Copy out all lines in the data below containing the string "negbTE".

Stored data
----

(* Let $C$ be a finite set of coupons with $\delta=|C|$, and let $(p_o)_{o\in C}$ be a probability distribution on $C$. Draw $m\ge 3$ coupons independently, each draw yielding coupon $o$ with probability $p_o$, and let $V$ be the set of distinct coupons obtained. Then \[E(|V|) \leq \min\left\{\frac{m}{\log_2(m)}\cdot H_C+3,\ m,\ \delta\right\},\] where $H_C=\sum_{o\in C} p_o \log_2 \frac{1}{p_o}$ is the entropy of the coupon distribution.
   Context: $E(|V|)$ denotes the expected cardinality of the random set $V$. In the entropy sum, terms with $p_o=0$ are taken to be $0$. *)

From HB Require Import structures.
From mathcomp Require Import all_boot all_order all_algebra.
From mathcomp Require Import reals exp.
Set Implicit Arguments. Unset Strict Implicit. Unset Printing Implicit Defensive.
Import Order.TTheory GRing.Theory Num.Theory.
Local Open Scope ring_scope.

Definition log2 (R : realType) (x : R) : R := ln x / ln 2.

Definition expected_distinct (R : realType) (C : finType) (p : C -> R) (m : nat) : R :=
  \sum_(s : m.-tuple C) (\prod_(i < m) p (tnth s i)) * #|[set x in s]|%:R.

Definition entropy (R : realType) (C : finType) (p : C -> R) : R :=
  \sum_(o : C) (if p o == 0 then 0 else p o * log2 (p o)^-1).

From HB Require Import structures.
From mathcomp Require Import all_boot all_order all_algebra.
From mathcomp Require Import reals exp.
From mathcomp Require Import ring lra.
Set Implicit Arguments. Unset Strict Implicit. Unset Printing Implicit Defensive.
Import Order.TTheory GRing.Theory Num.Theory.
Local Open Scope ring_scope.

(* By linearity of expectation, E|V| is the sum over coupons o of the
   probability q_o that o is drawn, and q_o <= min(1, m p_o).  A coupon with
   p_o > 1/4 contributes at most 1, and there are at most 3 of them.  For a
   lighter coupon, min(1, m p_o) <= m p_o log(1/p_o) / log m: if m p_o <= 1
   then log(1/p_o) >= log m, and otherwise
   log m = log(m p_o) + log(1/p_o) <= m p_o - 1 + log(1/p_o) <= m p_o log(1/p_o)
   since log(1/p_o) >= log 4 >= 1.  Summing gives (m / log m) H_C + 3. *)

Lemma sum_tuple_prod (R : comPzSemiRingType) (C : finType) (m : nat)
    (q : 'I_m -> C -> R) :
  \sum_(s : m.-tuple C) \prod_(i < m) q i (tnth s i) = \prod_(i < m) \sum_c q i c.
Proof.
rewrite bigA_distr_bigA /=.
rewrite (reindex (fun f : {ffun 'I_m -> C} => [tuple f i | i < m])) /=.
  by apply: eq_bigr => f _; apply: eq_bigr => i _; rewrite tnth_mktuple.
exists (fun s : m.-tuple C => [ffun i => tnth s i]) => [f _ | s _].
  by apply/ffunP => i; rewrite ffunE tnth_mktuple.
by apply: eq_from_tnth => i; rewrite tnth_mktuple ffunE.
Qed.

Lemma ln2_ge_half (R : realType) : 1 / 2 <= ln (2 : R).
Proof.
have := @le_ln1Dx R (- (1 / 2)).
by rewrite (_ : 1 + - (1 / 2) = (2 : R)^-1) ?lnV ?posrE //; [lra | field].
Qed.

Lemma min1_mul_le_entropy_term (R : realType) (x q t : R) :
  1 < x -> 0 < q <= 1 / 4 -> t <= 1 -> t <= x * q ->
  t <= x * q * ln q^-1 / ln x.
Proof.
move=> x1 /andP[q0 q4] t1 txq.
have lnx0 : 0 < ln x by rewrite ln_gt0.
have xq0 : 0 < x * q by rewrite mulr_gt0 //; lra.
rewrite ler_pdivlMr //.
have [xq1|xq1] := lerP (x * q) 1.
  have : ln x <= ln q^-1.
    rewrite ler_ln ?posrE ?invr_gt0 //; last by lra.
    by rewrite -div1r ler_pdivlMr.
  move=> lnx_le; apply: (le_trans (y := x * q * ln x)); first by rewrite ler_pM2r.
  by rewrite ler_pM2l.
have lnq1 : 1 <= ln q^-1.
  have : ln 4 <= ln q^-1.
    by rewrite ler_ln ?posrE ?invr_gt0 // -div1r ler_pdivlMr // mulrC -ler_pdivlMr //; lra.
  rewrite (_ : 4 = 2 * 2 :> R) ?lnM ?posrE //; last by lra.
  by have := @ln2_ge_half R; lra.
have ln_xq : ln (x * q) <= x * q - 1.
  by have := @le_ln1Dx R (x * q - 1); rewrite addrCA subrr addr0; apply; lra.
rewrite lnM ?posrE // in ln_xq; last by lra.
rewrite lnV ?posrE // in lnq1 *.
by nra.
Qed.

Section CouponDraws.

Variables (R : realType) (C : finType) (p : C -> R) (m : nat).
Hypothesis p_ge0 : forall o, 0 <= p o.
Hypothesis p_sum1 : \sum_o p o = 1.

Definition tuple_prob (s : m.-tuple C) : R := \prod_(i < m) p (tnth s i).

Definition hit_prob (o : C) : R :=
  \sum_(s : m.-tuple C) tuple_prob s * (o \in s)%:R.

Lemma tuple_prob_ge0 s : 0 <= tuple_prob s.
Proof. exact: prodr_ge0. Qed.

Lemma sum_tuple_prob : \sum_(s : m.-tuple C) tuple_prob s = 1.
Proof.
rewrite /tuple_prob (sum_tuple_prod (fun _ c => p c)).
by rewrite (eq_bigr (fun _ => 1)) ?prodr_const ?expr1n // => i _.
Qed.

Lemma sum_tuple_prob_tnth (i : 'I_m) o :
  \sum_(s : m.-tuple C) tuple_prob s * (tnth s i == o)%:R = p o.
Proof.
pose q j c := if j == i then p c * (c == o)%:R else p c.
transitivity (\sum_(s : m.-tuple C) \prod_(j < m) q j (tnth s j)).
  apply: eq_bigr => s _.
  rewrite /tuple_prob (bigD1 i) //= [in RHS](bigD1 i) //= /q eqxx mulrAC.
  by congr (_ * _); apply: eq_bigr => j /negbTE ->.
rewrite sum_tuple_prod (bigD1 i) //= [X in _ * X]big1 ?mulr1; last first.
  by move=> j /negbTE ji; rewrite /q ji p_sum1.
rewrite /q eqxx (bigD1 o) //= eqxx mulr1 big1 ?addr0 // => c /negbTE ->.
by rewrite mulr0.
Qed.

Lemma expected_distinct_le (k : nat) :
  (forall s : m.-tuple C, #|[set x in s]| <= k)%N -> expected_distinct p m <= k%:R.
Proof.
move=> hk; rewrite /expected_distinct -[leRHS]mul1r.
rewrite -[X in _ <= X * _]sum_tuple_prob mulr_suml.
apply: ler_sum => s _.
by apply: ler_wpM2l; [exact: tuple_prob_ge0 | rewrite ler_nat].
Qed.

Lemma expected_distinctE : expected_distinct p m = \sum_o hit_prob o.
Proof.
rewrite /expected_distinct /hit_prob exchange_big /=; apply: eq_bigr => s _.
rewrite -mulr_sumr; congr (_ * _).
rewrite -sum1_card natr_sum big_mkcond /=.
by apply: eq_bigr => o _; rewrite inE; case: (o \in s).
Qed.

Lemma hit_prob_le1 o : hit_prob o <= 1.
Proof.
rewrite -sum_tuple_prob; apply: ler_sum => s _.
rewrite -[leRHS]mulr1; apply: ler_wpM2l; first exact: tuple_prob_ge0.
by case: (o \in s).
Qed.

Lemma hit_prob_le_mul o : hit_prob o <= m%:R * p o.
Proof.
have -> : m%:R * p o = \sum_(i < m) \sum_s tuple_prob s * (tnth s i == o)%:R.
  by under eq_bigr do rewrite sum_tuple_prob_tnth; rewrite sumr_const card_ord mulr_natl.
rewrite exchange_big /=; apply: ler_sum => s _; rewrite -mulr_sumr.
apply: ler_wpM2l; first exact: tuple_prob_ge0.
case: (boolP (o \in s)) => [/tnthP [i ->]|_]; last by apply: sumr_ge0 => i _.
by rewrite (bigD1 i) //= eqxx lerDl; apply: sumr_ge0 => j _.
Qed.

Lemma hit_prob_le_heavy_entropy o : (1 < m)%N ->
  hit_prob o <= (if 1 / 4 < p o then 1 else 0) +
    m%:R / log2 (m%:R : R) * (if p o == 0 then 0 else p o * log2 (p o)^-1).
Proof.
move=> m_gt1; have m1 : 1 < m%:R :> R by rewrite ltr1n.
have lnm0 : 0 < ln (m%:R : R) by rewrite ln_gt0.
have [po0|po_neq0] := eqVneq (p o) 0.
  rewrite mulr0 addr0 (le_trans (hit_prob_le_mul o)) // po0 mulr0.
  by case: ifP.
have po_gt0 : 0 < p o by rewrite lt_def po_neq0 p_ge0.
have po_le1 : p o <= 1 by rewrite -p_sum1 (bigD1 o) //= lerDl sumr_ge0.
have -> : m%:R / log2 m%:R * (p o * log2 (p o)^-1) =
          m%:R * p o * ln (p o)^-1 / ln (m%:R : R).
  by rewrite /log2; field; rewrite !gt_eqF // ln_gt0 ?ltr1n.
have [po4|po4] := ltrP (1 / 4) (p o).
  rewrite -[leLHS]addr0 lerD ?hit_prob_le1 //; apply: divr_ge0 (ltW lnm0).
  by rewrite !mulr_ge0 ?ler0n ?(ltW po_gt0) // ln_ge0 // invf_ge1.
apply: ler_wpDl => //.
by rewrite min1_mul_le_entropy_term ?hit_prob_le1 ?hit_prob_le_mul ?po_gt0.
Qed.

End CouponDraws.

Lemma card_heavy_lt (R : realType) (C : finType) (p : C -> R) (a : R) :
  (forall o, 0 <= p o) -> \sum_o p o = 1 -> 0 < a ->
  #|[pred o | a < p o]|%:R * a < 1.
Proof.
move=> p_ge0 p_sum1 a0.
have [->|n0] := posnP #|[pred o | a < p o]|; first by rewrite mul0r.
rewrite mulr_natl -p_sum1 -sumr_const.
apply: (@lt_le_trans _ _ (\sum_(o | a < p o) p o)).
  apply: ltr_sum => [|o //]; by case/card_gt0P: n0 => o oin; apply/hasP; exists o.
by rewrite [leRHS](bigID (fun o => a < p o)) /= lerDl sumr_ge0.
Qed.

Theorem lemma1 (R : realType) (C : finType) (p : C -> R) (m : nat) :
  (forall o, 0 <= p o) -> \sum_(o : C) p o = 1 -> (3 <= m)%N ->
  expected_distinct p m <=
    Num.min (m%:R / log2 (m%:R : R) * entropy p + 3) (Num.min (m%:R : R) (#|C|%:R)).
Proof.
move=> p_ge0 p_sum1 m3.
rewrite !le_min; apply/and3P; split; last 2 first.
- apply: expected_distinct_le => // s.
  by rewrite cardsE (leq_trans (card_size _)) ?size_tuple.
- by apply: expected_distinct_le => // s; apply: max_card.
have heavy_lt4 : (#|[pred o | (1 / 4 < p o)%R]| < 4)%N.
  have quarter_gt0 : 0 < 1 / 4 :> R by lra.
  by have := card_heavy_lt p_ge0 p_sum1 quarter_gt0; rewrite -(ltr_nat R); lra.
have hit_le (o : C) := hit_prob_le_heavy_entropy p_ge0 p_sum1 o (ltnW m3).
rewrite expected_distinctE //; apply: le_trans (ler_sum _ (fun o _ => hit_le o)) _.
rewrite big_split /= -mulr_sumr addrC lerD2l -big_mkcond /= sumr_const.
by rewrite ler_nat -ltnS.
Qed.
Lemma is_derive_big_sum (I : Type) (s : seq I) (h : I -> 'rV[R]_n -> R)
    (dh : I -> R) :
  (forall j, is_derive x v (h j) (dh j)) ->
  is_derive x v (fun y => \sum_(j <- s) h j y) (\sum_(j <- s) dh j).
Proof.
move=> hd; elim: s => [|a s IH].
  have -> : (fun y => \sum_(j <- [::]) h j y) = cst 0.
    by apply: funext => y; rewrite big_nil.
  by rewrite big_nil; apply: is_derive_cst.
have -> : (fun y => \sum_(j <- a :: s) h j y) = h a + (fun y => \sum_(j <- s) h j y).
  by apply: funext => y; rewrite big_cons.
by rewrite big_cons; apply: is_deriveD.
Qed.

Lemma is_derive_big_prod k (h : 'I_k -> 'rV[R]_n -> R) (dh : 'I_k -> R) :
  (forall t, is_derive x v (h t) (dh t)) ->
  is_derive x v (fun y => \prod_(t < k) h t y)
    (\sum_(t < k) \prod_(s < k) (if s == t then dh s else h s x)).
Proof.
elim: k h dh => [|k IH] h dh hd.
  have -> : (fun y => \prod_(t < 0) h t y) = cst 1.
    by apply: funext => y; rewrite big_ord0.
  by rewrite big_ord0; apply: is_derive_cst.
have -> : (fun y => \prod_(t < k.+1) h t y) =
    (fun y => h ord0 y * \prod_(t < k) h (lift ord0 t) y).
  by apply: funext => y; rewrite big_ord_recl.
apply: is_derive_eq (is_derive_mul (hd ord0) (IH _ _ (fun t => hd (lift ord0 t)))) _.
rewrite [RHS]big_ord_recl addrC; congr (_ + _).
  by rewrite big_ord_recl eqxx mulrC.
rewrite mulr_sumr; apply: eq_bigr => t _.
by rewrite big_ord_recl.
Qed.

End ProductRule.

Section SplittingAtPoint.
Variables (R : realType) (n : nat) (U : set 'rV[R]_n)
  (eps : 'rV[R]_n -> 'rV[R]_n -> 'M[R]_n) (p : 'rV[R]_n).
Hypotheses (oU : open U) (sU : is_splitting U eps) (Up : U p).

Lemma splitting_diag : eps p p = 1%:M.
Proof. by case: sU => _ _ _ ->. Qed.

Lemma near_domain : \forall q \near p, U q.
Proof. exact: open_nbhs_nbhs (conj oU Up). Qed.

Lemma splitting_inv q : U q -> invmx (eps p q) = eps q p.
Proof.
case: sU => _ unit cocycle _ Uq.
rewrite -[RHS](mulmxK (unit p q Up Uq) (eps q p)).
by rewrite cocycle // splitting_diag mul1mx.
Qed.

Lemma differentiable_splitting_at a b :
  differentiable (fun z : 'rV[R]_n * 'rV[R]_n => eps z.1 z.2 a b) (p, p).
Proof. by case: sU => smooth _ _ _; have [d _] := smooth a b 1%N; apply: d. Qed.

----

• _TASK SOLUTION_
  by congr (_ * _); apply: eq_bigr => j /negbTE ->.
  by move=> j /negbTE ji; rewrite /q ji p_sum1.
rewrite /q eqxx (bigD1 o) //= eqxx mulr1 big1 ?addr0 // => c /negbTE ->.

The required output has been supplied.